OK, I think that's a plan. Lets do it.

Bug: Which kernel?

The actual cl::Kernel depends on the cl::Program, which is currently managed by the OpenclNode. If there were two different OpenclNodes with two different programs, but having some of the same names for the kernels, then there's a clash, because OpenclKernelNode would get bound to the first one.

One solution is to encode the full URL into the kernel name. Thus:

    (OpenclKernel "opencl://Clover:AMD Radeon/some/where/some-prog.cl?kern_name")

but this is a very long string that forces URL processing out of scope. It works, it's unambiguous, its annoyingly verbose and possibly error-prone. It also encourages storing the OpenclNode inside the OpenclKernelNode which turns it into a defacto link type thing. Yuck.

The only clean way of saying "do this in this-and-such a context" in Atomese is to use a Link. This suggests the following:

    (OpenclKernelLink
        (Opencl "opencl://Clover:AMD Radeon/some/where/some-prog.cl")
        (Predicate "kernel_name"))

The super-long URL is now split in two, and the context is clearly established. The only drawback here is that the write message becomes dorky:

    (cog-set-value!
        (Opencl "opencl://foo.cl")
        (Predicate "*-write-")
        (Section
            (OpenclKernelLink
                (Opencl "opencl://foo.cl")
                (Predicate "kernel_name"))
            ...))

The OpenClNode gets specified twice. The second feels superfluous, because it's indirectly knowable from the target of the write. But still...
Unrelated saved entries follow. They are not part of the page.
(* Far apart points are handled by the decay of [w], nearby ones by
   [omega_dist_le]. *)
Lemma mul_omega_lipschitz (g : 'rV[R]_n -> R) :
  (forall x, `|g x| <= 1 + enorm x) ->
  (forall x y, `|g x - g y| <= enorm (x - y)) ->
  forall x y, `|g x * w x - g y * w y| <= L * enorm (x - y).
Proof.
move=> g_le g_lip x y.
have gx_le := normr_mul_omega_le (g_le x); have gy_le := normr_mul_omega_le (g_le y).
have aLF_ge0 : 0 <= alpha * LF by rewrite mulr_ge0 ?ltW.
have -> : L = 2 * M + 6 * M * (alpha * LF) by rewrite /L; ring.
case: (lerP 1 (enorm (x - y))) => [far|near].
  apply: le_trans (ler_normB _ _) _.
  have := ler_wpM2l M_ge0 far.
  have := mulr_ge0 (mulr_ge0 M_ge0 aLF_ge0) (enorm_ge0 (x - y)).
  lra.
have -> : g x * w x - g y * w y = (g x - g y) * w x + g y * (w x - w y) by ring.
apply: le_trans (ler_normD _ _) _; rewrite !normrM (gtr0_norm (omega_gt0 x)).
have wx_le : w x <= M by apply: le_trans (ler_norm _) (normr_omega_le x).
have first_le : `|g x - g y| * w x <= M * enorm (x - y).
  by rewrite mulrC; exact: ler_pM (ltW (omega_gt0 x)) (normr_ge0 _) wx_le (g_lip x y).
have second_le : `|g y| * `|w x - w y| <= 6 * M * (alpha * LF) * enorm (x - y).
  apply: le_trans (ler_pM (normr_ge0 _) (normr_ge0 _) (g_le y) (omega_dist_le x y)) _.
  rewrite [leLHS](_ : _ = alpha * LF * enorm (x - y) *
      ((1 + enorm x + enorm y) * (1 + enorm y) * (w x + w y))); last by ring.
  rewrite [leRHS](_ : _ = alpha * LF * enorm (x - y) * (6 * M)); last by ring.
  apply: ler_wpM2l; first exact: mulr_ge0 aLF_ge0 (enorm_ge0 _).
  exact: omega_near_le (ltW near).
have := mulr_ge0 M_ge0 (enorm_ge0 (x - y)); lra.
Qed.

Lemma omega_lipschitz x y : `|w x - w y| <= L * enorm (x - y).
Proof.
have := @mul_omega_lipschitz (fun=> 1) _ _ x y; rewrite !mul1r; apply.
- by move=> z; rewrite normr1 lerDl enorm_ge0.
- by move=> u v; rewrite subrr normr0 enorm_ge0.
Qed.

Lemma coord_omega_lipschitz (i : 'I_n) (x y : 'rV[R]_n) :
  `|x ord0 i * w x - y ord0 i * w y| <= L * enorm (x - y).
Proof.
apply: (@mul_omega_lipschitz (fun z => z ord0 i)) => [z|u v].
  by apply: le_trans (coord_le_enorm z i) _; rewrite lerDr.
by have := coord_le_enorm (u - v) i; rewrite !mxE.
Qed.

Lemma measurable_omega : measurable_fun [set: Rd R n] (w : Rd R n -> R).
Proof.
have F_meas := continuous_measurable_Rd (continuous_of_enorm_lipschitz F_lip).
apply: measurableT_comp; first exact: measurable_expR.
by apply: measurable_funN; apply: measurable_funM => //; exact: measurable_cst.
Qed.

Lemma measurable_coord_omega (i : 'I_n) :
  measurable_fun [set: Rd R n] (fun x : Rd R n => x ord0 i * w x).
Proof. exact: measurable_funM (measurable_coord i) measurable_omega. Qed.
Lemma gpow_add (c : G) a b : gpow c (a + b) = gmul (gpow c a) (gpow c b).
Proof.
  induction a as [|a IH]; simpl.
  - now rewrite gmul1l.
  - now rewrite IH, gmulA.
Qed.

Lemma gpow_succ_r (c : G) n : gpow c (S n) = gmul (gpow c n) c.
Proof.
  rewrite <- Nat.add_1_r, gpow_add; simpl.
  now rewrite gmul1r.
Qed.

Lemma gpow_mul (c : G) a b : gpow (gpow c a) b = gpow c (a * b).
Proof.
  induction b as [|b IH]; simpl.
  - now rewrite Nat.mul_0_r.
  - now rewrite IH, Nat.mul_succ_r, Nat.add_comm, gpow_add.
Qed.

End Powers.

Section Displacement.
Context {G : Group} (T : RTreeAction G).

Lemma td_ge0 (x y : T) : 0 <= td x y.
Proof.
  pose proof (td_tri _ _ x y x) as Htri.
  rewrite td_refl, (td_sym _ _ y x) in Htri; lra.
Qed.

Lemma Fix_gpow (c : G) (p : T) n : Fix c p -> Fix (gpow c n) p.
Proof.
  unfold Fix; intro Hp; induction n as [|n IH]; simpl.
  - apply tact_one.
  - now rewrite tact_mul, IH, Hp.
Qed.

Lemma td_gpow_le (c : G) (q : T) n :
  td q (tact (gpow c n) q) <= INR n * td q (tact c q).
Proof.
  induction n as [|n IH]; simpl gpow.
  - rewrite tact_one, td_refl; simpl; lra.
  - rewrite tact_mul, S_INR.
    pose proof (td_tri _ _ q (tact c q) (tact c (tact (gpow c n) q))) as Htri.
    rewrite tact_isom in Htri; lra.
Qed.

(* The hypothesis is the usual criterion for c to be elliptic. *)
Lemma fixed_midpoint (c : G) (q : T) :
  td q (tact c (tact c q)) <= td q (tact c q) ->
  exists p, Fix c p /\ 2 * td q p = td q (tact c q).
Proof.
  intro Hc2; set (D := td q (tact c q)) in *.
  assert (HD : 0 <= D) by apply td_ge0.
  destruct (t_geodesic _ _ q (tact c q)) as [f [f0 [fD f_isom]]].
  fold D in fD, f_isom.
  set (p := f (D / 2)).
  assert (Hqp : td q p = D / 2).
  { unfold p; rewrite <- f0 at 1; rewrite f_isom by lra.
    rewrite Rabs_left1; lra. }
  assert (Hpcq : td p (tact c q) = D / 2).
  { unfold p; rewrite <- fD at 1; rewrite f_isom by lra.
    rewrite Rabs_left1; lra. }
  exists p; split; [|lra].
  (* The four-point condition on q, c q, c^2 q and c p puts c p on [q, c q]
     at distance D/2 from c q, i.e. at p. *)
  assert (Hcp_cq : td (tact c p) (tact c q) = D / 2)
    by (rewrite tact_isom, td_sym; lra).
  assert (Hcp_c2q : td (tact c p) (tact c (tact c q)) = D / 2)
    by (rewrite tact_isom; lra).
  assert (Hcq_c2q : td (tact c q) (tact c (tact c q)) = D)
    by now rewrite tact_isom.
  pose proof (t_0hyp _ _ (tact c p) q (tact c q) (tact c (tact c q))) as H4.
  rewrite Hcp_cq, Hcp_c2q, Hcq_c2q in H4; fold D in H4.
  assert (Hcp_q : td (tact c p) q <= D / 2)
    by (unfold Rmax in H4; destruct Rle_dec; lra).
  pose proof (t_0hyp _ _ p (tact c p) (tact c q) q) as H4'.
  rewrite Hpcq, (td_sym _ _ p q), Hqp, (td_sym _ _ (tact c q) q), Hcp_cq in H4'.
  fold D in H4'.
  pose proof (td_ge0 p (tact c p)).
  symmetry; apply td_sep.
  unfold Rmax in H4'; destruct Rle_dec; lra.
Qed.

Lemma td_sq_le_of_Fix (c : G) (q p : T) :
  Fix c p -> td q (tact c (tact c q)) <= td q (tact c q).
Proof.
  unfold Fix; intro Hp.
  assert (Hcq : td (tact c q) p = td q p) by (rewrite <- Hp at 1; apply tact_isom).
  assert (Hc2q : td (tact c (tact c q)) p = td q p)
    by (rewrite <- Hp at 1; rewrite tact_isom; exact Hcq).
  assert (Hc : td (tact c (tact c q)) (tact c q) = td q (tact c q))
    by now rewrite tact_isom, td_sym.
  pose proof (t_0hyp _ _ q (tact c (tact c q)) (tact c q) p) as H4.
  rewrite Hcq, Hc2q, Hc in H4.
  unfold Rmax in H4; destruct Rle_dec; lra.
Qed.
(* Let $p,m\ge1$ be integers with $p+\frac m2>1$. Then the minimal operator $\mathbb{H}$ generated by the generalized Heun operator $H^{p,m}$ in $\mathbb{B}_p$ is completely indeterminate: its deficiency indices satisfy $n_+(\mathbb{H})=n_-(\mathbb{H})=m$.
   Context: $\mathbb{B}$ is the Bargmann space of entire functions $\varphi$ with $\frac1\pi\int_{\mathbb{C}}|\varphi|^2e^{-|z|^2}dxdy<\infty$, orthonormal basis $e_k(z)=z^k/\sqrt{k!}$. Annihilation and creation operators: $A\varphi=\varphi'$, $A^*\varphi=z\varphi$. The generalized Heun operator is $H^{p,m}=A^{*p}(A^m+A^{*m})A^p$, i.e. $H^{p,m}\varphi=z^p\varphi^{(p+m)}+z^{p+m}\varphi^{(p)}$; on the basis: $H^{p,m}e_k=0$ for $k<p$; $H^{p,m}e_k=\frac{\sqrt{k!(k+m)!}}{(k-p)!}e_{k+m}$ for $p\le k<p+m$; $H^{p,m}e_k=\frac{\sqrt{k!(k-m)!}}{(k-p-m)!}e_{k-m}+\frac{\sqrt{k!(k+m)!}}{(k-p)!}e_{k+m}$ for $k\ge p+m$. $\mathbb{B}_p=\{\varphi\in\mathbb{B}:\varphi(0)=\varphi'(0)=\dots=\varphi^{(p-1)}(0)=0\}$, the closed span of $\{e_k\}_{k\ge p}$. $\mathbb{H}$ is the closure in $\mathbb{B}_p$ of the restriction of $H^{p,m}$ to polynomials lying in $\mathbb{B}_p$; it is a closed symmetric operator. Deficiency indices: $n_\pm(\mathbb{H})=\dim\ker(\mathbb{H}^*\mp iI)$. A closed symmetric operator whose block Jacobi matrix has $m\times m$ blocks is called completely indeterminate if $n_+=n_-=m$. *)

From HB Require Import structures.
From mathcomp Require Import all_boot all_order all_algebra.
From mathcomp Require Import complex.
From mathcomp Require Import all_classical all_reals all_analysis.
From mathcomp Require Import Rstruct Rstruct_topology.
Set Implicit Arguments. Unset Strict Implicit. Unset Printing Implicit Defensive.
Import Order.TTheory GRing.Theory Num.Theory.
Local Open Scope ring_scope.
Local Open Scope complex_scope.

Notation Cx := (Rdefinitions.R[i]).

(* Vectors of B_p are represented by their coordinate sequences in the
   orthonormal basis e_k = z^k / sqrt(k!) of the Bargmann space:
   phi = sum_k x k * e_k.  The map phi |-> (x k)_k is the unitary
   isomorphism B ~ l^2(N). *)
Definition cseq := nat -> Cx.

Definition sqmod (z : Cx) : Rdefinitions.R := (complex.Re z) ^+ 2 + (complex.Im z) ^+ 2.

Definition in_l2 (x : cseq) : Prop :=
  cvgn (series (fun k => sqmod (x k))).

(* x corresponds to an element of B_p = closed span {e_k : k >= p} *)
Definition in_Bp (p : nat) (x : cseq) : Prop :=
  in_l2 x /\ forall k, (k < p)%N -> x k = 0.

(* x corresponds to a polynomial (finitely many nonzero coordinates)
   lying in B_p; its coordinates vanish from index N on. *)
Definition poly_Bp (p N : nat) (x : cseq) : Prop :=
  (forall k, (k < p)%N -> x k = 0) /\ (forall k, (N <= k)%N -> x k = 0).

(* Coefficients of H^{p,m} on the basis:
   H e_k = hdown k e_{k-m} + hup k e_{k+m}  with
   hup k   = sqrt(k! (k+m)!) / (k-p)!      for k >= p      (0 otherwise),
   hdown k = sqrt(k! (k-m)!) / (k-p-m)!    for k >= p + m  (0 otherwise). *)
Definition hup (p m k : nat) : Rdefinitions.R :=
  if (p <= k)%N then Num.sqrt ((k`! * (k + m)`!)%N%:R) / ((k - p)`!)%N%:R else 0.
Lemma tau'_le_of_npaths_ge (i : 'I_n) (j : int) (L : R) :
  q ^ j <= (npaths E len v1 i L)%:R -> (tau' E len q i (Some j) <= L%:E)%E.
Proof.
elim/ord_ltn_ind: i j L => i IH j L le_qN.
have qj_gt0 : 0 < q ^ j by rewrite exprz_gt0.
have [i_v1|i_neq] := eqVneq i v1.
  move: le_qN; rewrite i_v1 tau'_first npaths_first //.
  have [L_ge0 /= le_q1|_ /=] := leP 0 L; last by rewrite leNgt qj_gt0.
  by rewrite -(ler_eXz2l q_gt1) expr0z le_q1 lee_fin.
rewrite tau'E /= neq_first_ord_neq0 //.
set N := npaths E len v1 i L.
have N_gt0 : 0 < (N%:R : R) by apply: lt_le_trans le_qN.
pose alpha p := (npaths E len v1 p (L - len p i))%:R / (N%:R : R).
apply: le_trans (ereal_inf_lbound _) _.
  exists alpha; split=> //; first by move=> p _; rewrite divr_ge0.
  by rewrite -mulr_suml -natr_sum -npaths_rec // divff ?lt0r_neq0.
apply/bigmax_leP; split=> [|p E_pi]; first by rewrite leNye.
have lt_pi := E_topo E_pi; rewrite !tau'_tabE //; case: ifP => [_|/negbT alpha_neq0].
  by rewrite tau'E /= leNye.
have alpha_gt0 : 0 < alpha p by rewrite lt0r alpha_neq0 divr_ge0.
apply: lee_addEFin; apply: IH lt_pi _ _ _.
apply: le_trans (expr_floor_logq_le q_gt1 _ alpha_gt0) _.
apply: le_trans (ler_wpM2l (ltW alpha_gt0) le_qN) _.
by rewrite /alpha divfK ?lt0r_neq0.
Qed.

Lemma tau'_le_tau (v : 'I_n) (j : int) (x : R) :
  q ^ j <= x -> (tau' E len q v (Some j) <= tau E len v1 v x)%E.
Proof.
move=> le_qx; apply: le_ereal_inf_tmp => _ [L le_xN <-].
by apply: tau'_le_of_npaths_ge; apply: le_trans le_qx le_xN.
Qed.

Lemma expr_le_of_tau'_le_lt_tau (v : 'I_n) (j : int) (L : R) (a : nat) :
  (tau' E len q v (Some j) <= L%:E)%E -> (L%:E < tau E len v1 v a.+1%:R)%E ->
  q ^ (j - (nat_of_ord v)%:Z) <= a%:R.
Proof.
move=> le_tau'L /lte_EFin_dense[L' lt_LL' lt_L'tau].
have /npaths_ge_of_tau'_lt le_qN : (tau' E len q v (Some j) < L'%:E)%E.
  by apply: le_lt_trans le_tau'L _; rewrite lte_fin.
apply: le_trans le_qN _; rewrite ler_nat -ltnS -(ltr_nat R).
exact: npaths_lt_of_lt_tau lt_L'tau.
Qed.

End Tau'.

Lemma root_expr (R : realType) (x : R) (m : nat) : 0 <= x ->
  (x `^ (m.+1%:R)^-1) ^+ m.+1 = x.
Proof. by move=> x_ge0; rewrite -powR_mulrn ?powR_ge0 // -powRrM mulVf ?powRr1. Qed.

Lemma root_gt1 (R : realType) (x : R) (m : nat) : 1 < x -> 1 < x `^ (m.+1%:R)^-1.
Proof.
move=> x_gt1; have x_ge0 : 0 <= x by rewrite ltW // (lt_trans ltr01).
rewrite ltNge; apply/negP => /(exprn_ile1 m.+1 (powR_ge0 _ _)).
by rewrite root_expr // leNgt x_gt1.
Qed.

Theorem lemma2 (R : realType) (n : nat) (hn : (0 < n)%N)
  (E : rel 'I_n) (len : 'I_n -> 'I_n -> R)
  (htop : forall u v : 'I_n, E u v -> (u < v)%N)
  (eps : R) (heps : 0 < eps) (L : R) (k : int) (a : nat) :
  let q := (1 + eps) `^ (n.+1%:R)^-1 in
  (tau' E len q (vlast hn) (Some k) <= L%:E < tau' E len q (vlast hn) (Some (k + 1)%R))%E ->
  (tau E len (vfirst hn) (vlast hn) a%:R%R <= L%:E < tau E len (vfirst hn) (vlast hn) (a.+1)%:R%R)%E ->
  (1 + eps)^-1 <= a%:R / q ^ k <= 1 + eps.
Proof.
move=> q /andP[le_tau'L lt_Ltau'] /andP[le_tauL lt_Ltau].
have q_gt1 : 1 < q by apply: root_gt1; lra.
have q_neq0 : q != 0 by rewrite gt_eqF // (lt_trans ltr01).
have eps_qn : 1 + eps = q ^ (n.+1)%:Z by rewrite -exprnP /q root_expr //; lra.
clearbody q.
have qk_gt0 : 0 < q ^ k by rewrite exprz_gt0 // (lt_trans ltr01).
have v1_first : nat_of_ord (vfirst hn) = 0%N by [].
have le_qa : q ^ (k - (n.-1)%:Z) <= a%:R.
  exact: (expr_le_of_tau'_le_lt_tau htop v1_first q_gt1 le_tau'L lt_Ltau).
have lt_aq : a%:R < q ^ (k + 1).
  rewrite ltNge; apply: contraTN lt_Ltau' => le_qa'; rewrite -leNgt.
  exact: le_trans (tau'_le_tau len htop v1_first q_gt1 _ le_qa') le_tauL.
apply/andP; split.
  rewrite ler_pdivlMr // eps_qn invr_expz -expfzDr // addrC.
  apply: le_trans le_qa; apply: ler_weXz2l; first exact: ltW.
  by rewrite lerD2l lerN2 lez_nat (leq_trans (leq_pred n)).
rewrite ler_pdivrMr //; apply: (le_trans (ltW lt_aq)).
rewrite expfzDr // expr1z mulrC ler_wpM2r ?(ltW qk_gt0) // eps_qn.
by rewrite -{1}(expr1z q) ler_weXz2l // ltW.
Qed.
Lemma main_above_gap al : 0 < al -> al <= m / 4 -> al / B <= (m / (8 * B)) ^ 2 ->
  - ln p - m / 2 <= legendre_main p a al.
Proof.
 intros Hal Hm4 Hsq. pose proof B_pos. pose proof m_pos as Hm.
 assert (Hx : 0 < al / B) by (apply Rdiv_lt_0_compat; lra).
 pose proof (xlnx_ge (al / B) Hx) as Hxl.
 assert (Hsqrt : sqrt (al / B) <= m / (8 * B)).
 { rewrite <- (sqrt_pow2 (m / (8 * B))) by (apply Rlt_le, Rdiv_lt_0_compat; lra).
   apply sqrt_le_1_alt, Hsq. }
 assert (Hrel : al * ln (al / B) = B * (al / B * ln (al / B))) by (field; lra).
 assert (HBm : B * (m / (8 * B)) = m / 8) by (field; lra).
 unfold legendre_main. replace (al * p / a) with (al / B) by (unfold B; field; lra).
 nra.
Qed.

Lemma lower_at_optimum al : 0 < al <= B ->
  legendre_main p a al - K * al ^ 2 <= al * ln (al / B) - ln (h (al / B)).
Proof.
 intros [Hal HalB]. pose proof B_pos; pose proof c_pos.
 set (u := al / B).
 assert (Hu : 0 < u <= 1).
 { unfold u. split; [apply Rdiv_lt_0_compat; lra|].
   apply (Rmult_le_reg_r B); [lra|]. unfold Rdiv. rewrite Rmult_assoc, Rinv_l by lra. lra. }
 destruct (h_taylor u Hu) as [_ Hup].
 pose proof dp_nonneg as Hdp.
 set (y := al + d / p * u ^ 2).
 assert (Hfact : p + a * u + d * u ^ 2 = p * (1 + y)) by (unfold y, u, B; field; lra).
 assert (Hy : 0 <= y) by (unfold y; nra).
 assert (Hln : ln (h u) <= ln p + y).
 { pose proof (h_ge_p u (proj1 Hu)).
   apply (Rle_trans _ (ln (p * (1 + y)))); [apply ln_le_compat; lra|].
   rewrite ln_mult by lra. pose proof (ln_le_sub1 (1 + y)); lra. }
 assert (Herr : d / p * u ^ 2 <= K * al ^ 2).
 { unfold K. replace (c * lam ^ 2 * al ^ 2) with (c * (16 * u) ^ 2) by (unfold u, lam; field; lra).
   assert (d / p <= c) by (unfold c; nra). nra. }
 unfold legendre_main. replace (al * p / a) with u by (unfold u, B; field; lra).
 unfold y in Hln. lra.
Qed.

Lemma upper_bound al : 0 < al -> lam * al <= u1 -> al <= ka / 2 -> al * L <= m / 2 ->
  al <= m / 4 -> al / B <= (m / (8 * B)) ^ 2 ->
  forall u, 0 < u -> al * ln u - ln (h u) <= legendre_main p a al + K * al ^ 2.
Proof.
 intros Hal Hlam Hka HL Hm4 Hsq u Hu.
 assert (HK : 0 <= K * al ^ 2) by (pose proof c_pos; unfold K; apply Rmult_le_pos; [apply Rmult_le_pos|]; nra).
 destruct (Rle_lt_dec u (lam * al)) as [Hsmall|Hbig].
 - apply upper_small; lra.
 - destruct (Rle_lt_dec u u1) as [Hmid|Hfar].
   + pose proof (upper_medium al u Hal ltac:(lra)). lra.
   + pose proof (upper_far al u Hal Hka HL ltac:(lra)).
     pose proof (main_above_gap al Hal Hm4 Hsq). lra.
Qed.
A different issue is that the the OpenclNode could be sent the *-close-* message. This would require it to do a getIncomingByType and notify each of the OpenclKernelLink in it's incoming set that they should close as well. Kind of icky, but it works.

What should OpenclKernelLink inherit from? It could inherit from Connector (gasp!) but that seems to muddle what a Connector is suppose to be. Perhaps TagLink ...

I don't see any other ways that are reasonable and consistent.

(Update: Above was a bad idea and it was removed. The kernel needs to be bound up with the arguments that it takes. A new instance of cl::Kernel needs to be created for each compute job, as otherwise we risk clobbering the cl::Kernel::setArg() as we move along. See proposed solution immediately below.)

Bug/Issue: Actions/Operations

The above design has another flaw: it binds a single instance of cl::Kernel to OpenclKernelLink. That's wrong; it should be a single instance of cl::Kernel per job, with each job having different inputs and outputs. What's needed is something like OpenclSectionValue to bind together one instance of cl::Kernel with all the calls to cl::Kernel::setArg() to tie thhem all together. Once all bound up, then it can be launched.

Several sub-issues: (1) who creates it? (2) How can user get a handle to it, in case they want to run it repeatedly? (3) is there a better name than OpenclSectionValue? Something like "run job" or "do operation" or "perform action", so maybe OpenclActionValue ...

  • Call it OpenclJobValue.
  • Use *-write-* Section to digest the Section and convert it to an equivalent OpenclJobValue.
  • Run it. The first *-read-* returns the OpenclJobValue.
  • Sending *-write-* OpenclJobValue runs it. No return value.
  • Drop support for SectionValue.
  • Git rid of OpenclKernelLink.

Update: Above is implemented. Writes always return the OpenclJobValue as a status indicator. This seems unavoidable, if we want to block and wait for a job to be done.